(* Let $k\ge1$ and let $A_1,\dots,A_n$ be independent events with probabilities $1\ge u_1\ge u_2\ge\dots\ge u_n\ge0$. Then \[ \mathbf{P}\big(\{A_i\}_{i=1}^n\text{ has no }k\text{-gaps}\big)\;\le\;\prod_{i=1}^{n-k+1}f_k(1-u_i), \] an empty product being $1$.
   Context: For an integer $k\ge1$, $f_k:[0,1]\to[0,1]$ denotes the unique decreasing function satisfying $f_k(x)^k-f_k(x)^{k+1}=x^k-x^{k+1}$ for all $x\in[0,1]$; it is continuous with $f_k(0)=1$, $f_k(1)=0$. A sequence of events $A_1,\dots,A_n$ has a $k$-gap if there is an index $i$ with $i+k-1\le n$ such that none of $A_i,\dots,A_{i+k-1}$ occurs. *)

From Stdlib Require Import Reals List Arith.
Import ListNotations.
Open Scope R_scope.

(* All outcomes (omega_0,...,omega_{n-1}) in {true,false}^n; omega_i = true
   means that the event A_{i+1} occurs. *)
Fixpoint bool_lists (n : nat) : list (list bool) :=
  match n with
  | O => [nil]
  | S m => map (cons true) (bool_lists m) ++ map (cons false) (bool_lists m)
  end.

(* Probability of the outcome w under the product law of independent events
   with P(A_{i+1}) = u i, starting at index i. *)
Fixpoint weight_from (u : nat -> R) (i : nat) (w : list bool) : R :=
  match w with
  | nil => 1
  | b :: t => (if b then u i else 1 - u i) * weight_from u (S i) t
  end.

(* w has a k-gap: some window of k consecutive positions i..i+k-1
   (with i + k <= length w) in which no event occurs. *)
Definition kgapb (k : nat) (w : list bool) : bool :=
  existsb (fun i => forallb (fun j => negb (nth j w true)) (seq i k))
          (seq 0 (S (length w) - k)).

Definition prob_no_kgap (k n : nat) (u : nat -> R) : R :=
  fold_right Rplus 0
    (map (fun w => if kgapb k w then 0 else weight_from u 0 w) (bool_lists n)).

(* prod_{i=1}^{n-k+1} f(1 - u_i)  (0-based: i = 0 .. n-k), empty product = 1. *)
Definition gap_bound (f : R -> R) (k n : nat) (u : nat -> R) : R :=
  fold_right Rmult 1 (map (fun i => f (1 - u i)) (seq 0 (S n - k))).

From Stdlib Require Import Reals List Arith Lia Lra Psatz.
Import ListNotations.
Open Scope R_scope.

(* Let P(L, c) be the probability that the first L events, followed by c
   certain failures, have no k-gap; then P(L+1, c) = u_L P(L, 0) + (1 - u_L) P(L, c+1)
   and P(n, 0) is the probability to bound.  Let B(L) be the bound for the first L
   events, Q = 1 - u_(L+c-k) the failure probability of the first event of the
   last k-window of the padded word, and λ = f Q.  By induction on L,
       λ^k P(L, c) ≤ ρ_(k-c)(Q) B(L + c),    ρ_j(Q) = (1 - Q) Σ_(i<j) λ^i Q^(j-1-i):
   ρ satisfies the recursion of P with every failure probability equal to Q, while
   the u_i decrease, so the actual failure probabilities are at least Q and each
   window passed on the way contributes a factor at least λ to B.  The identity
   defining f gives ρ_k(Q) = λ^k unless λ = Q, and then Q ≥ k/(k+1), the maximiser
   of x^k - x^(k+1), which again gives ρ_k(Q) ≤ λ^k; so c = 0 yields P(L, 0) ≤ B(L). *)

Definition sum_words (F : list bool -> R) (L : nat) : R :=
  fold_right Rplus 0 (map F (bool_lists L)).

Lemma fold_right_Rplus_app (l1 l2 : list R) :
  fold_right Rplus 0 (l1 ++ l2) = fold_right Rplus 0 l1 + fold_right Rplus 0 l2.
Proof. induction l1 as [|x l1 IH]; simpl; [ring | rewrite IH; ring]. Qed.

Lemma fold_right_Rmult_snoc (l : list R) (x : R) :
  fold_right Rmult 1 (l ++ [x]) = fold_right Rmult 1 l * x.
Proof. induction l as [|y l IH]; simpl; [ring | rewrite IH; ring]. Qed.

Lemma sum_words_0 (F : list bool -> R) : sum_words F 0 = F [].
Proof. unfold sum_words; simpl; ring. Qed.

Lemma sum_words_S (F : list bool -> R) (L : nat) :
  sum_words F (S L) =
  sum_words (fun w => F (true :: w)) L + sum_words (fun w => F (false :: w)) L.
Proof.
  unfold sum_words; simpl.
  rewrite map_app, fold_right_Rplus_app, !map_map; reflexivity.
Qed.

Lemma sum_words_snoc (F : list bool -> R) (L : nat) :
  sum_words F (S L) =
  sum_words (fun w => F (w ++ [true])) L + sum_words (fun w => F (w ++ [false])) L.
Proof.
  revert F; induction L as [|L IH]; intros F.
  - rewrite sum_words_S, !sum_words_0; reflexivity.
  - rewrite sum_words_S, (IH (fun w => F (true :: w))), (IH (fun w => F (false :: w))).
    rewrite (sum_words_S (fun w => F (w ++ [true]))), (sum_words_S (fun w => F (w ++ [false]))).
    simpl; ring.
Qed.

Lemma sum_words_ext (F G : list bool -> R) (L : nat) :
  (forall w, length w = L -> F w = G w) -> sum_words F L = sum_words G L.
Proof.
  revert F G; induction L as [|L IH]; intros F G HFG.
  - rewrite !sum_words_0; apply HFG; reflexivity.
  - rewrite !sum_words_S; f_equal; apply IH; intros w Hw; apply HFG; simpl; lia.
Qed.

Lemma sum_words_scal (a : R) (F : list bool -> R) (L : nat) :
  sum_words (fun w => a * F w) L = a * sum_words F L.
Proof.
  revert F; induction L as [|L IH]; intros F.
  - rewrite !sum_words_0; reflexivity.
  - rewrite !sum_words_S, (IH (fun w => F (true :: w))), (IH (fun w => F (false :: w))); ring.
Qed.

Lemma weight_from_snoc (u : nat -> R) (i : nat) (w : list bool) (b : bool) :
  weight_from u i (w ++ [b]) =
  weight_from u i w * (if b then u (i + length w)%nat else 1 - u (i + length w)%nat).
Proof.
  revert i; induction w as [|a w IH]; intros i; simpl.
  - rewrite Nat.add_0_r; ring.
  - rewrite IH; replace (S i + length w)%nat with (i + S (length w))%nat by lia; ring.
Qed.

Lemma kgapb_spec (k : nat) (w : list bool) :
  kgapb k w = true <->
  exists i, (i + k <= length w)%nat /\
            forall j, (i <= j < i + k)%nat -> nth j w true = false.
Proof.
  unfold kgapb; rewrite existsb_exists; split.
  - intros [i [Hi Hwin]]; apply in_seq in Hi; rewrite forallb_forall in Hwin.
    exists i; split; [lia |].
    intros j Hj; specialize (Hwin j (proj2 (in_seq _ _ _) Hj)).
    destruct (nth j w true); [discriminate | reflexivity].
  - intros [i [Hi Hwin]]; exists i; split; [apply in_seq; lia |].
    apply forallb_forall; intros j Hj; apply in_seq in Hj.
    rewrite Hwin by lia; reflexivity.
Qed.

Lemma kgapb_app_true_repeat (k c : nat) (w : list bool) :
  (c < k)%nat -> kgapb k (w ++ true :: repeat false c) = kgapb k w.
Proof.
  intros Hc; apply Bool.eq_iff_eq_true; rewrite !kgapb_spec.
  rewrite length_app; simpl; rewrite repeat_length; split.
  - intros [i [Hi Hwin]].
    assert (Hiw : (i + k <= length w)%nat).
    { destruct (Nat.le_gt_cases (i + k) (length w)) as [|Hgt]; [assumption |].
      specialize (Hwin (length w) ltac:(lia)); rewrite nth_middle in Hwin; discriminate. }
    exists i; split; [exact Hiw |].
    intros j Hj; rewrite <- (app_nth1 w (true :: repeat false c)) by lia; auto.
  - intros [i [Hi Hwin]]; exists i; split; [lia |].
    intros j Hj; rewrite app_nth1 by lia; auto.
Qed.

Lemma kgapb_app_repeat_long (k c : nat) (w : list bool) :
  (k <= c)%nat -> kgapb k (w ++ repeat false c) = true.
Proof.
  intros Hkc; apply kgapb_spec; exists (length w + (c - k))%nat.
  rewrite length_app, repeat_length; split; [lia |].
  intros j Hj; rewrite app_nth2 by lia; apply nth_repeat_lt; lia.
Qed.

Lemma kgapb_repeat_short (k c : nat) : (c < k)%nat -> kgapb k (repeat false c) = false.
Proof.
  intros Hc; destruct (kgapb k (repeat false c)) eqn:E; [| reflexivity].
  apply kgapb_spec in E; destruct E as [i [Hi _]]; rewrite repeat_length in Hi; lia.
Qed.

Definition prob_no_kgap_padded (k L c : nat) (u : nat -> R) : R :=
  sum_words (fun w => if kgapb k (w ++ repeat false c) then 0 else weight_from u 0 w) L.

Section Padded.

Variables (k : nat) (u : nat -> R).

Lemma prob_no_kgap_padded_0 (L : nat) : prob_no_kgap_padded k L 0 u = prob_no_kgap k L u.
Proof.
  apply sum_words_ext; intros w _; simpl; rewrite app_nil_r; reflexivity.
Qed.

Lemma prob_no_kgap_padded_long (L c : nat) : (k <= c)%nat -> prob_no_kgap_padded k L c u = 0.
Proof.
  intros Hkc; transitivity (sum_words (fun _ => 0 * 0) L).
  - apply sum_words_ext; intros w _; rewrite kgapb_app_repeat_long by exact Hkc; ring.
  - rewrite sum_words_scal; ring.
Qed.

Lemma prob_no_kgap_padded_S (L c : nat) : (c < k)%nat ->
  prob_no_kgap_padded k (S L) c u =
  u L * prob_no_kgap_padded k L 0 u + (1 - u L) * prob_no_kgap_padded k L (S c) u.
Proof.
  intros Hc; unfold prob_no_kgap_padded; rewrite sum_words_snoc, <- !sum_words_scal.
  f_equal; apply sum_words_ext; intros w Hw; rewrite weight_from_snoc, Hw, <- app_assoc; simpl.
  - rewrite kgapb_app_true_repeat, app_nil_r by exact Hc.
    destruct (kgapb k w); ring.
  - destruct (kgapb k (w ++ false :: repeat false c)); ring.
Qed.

______

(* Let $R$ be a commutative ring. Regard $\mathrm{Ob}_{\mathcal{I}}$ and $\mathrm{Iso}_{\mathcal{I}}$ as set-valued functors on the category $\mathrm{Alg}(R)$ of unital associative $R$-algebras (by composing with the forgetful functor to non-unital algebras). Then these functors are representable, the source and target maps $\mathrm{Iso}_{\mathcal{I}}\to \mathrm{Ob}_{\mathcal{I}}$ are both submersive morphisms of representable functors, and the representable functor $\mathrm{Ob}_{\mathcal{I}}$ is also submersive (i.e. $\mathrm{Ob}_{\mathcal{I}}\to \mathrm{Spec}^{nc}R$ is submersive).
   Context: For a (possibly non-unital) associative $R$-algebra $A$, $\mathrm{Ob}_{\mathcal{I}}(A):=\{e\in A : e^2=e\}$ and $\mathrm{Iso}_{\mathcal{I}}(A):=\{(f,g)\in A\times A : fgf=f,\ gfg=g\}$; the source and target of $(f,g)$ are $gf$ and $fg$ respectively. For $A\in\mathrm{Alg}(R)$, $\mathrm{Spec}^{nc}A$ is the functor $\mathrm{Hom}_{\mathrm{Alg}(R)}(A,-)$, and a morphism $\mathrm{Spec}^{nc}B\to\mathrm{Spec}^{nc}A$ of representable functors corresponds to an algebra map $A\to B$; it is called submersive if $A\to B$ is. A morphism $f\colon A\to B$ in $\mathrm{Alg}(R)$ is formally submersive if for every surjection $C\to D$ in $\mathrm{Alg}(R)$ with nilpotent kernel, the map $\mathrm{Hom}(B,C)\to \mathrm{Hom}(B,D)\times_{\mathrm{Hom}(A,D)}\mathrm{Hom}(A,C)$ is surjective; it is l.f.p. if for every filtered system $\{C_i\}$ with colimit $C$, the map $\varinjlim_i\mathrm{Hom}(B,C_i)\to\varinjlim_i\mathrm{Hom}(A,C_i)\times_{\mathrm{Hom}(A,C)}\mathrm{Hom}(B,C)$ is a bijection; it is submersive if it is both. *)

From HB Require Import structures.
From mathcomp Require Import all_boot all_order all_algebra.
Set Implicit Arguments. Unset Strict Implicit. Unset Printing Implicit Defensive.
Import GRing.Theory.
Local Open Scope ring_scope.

______

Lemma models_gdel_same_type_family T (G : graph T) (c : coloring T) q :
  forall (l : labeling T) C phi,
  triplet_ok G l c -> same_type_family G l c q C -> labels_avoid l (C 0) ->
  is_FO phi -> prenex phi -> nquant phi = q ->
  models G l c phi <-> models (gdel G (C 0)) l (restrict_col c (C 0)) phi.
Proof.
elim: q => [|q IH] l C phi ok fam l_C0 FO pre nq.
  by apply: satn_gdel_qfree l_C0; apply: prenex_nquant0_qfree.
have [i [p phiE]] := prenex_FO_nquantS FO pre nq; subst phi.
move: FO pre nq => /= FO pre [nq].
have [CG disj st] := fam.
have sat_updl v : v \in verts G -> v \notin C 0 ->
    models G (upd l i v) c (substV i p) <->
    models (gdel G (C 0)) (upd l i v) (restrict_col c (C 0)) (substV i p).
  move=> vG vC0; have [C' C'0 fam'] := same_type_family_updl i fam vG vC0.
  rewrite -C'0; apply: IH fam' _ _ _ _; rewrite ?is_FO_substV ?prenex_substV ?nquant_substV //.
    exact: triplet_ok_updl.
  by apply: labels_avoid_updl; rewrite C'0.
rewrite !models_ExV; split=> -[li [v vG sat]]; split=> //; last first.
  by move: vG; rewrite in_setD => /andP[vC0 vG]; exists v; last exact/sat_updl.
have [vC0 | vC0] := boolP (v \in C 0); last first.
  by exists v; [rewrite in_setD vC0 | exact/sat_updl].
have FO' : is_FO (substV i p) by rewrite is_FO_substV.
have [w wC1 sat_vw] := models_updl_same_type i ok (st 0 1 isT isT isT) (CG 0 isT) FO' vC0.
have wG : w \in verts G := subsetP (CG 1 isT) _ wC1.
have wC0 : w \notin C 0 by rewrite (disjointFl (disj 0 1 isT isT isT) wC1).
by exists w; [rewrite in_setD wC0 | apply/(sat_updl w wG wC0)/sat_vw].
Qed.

______

### AIM OF THE EXERCISE
From the listing above, output exactly the run of lines that starts with the line containing "window passed on" and ends with the line containing "Proof. induction l1".

### ANSWER FOR THIS EXERCISE
   window passed on the way contributes a factor at least λ to B.  The identity
   defining f gives ρ_k(Q) = λ^k unless λ = Q, and then Q ≥ k/(k+1), the maximiser
   of x^k - x^(k+1), which again gives ρ_k(Q) ≤ λ^k; so c = 0 yields P(L, 0) ≤ B(L). *)

Definition sum_words (F : list bool -> R) (L : nat) : R :=
  fold_right Rplus 0 (map F (bool_lists L)).

Lemma fold_right_Rplus_app (l1 l2 : list R) :
  fold_right Rplus 0 (l1 ++ l2) = fold_right Rplus 0 l1 + fold_right Rplus 0 l2.
Proof. induction l1 as [|x l1 IH]; simpl; [ring | rewrite IH; ring]. Qed.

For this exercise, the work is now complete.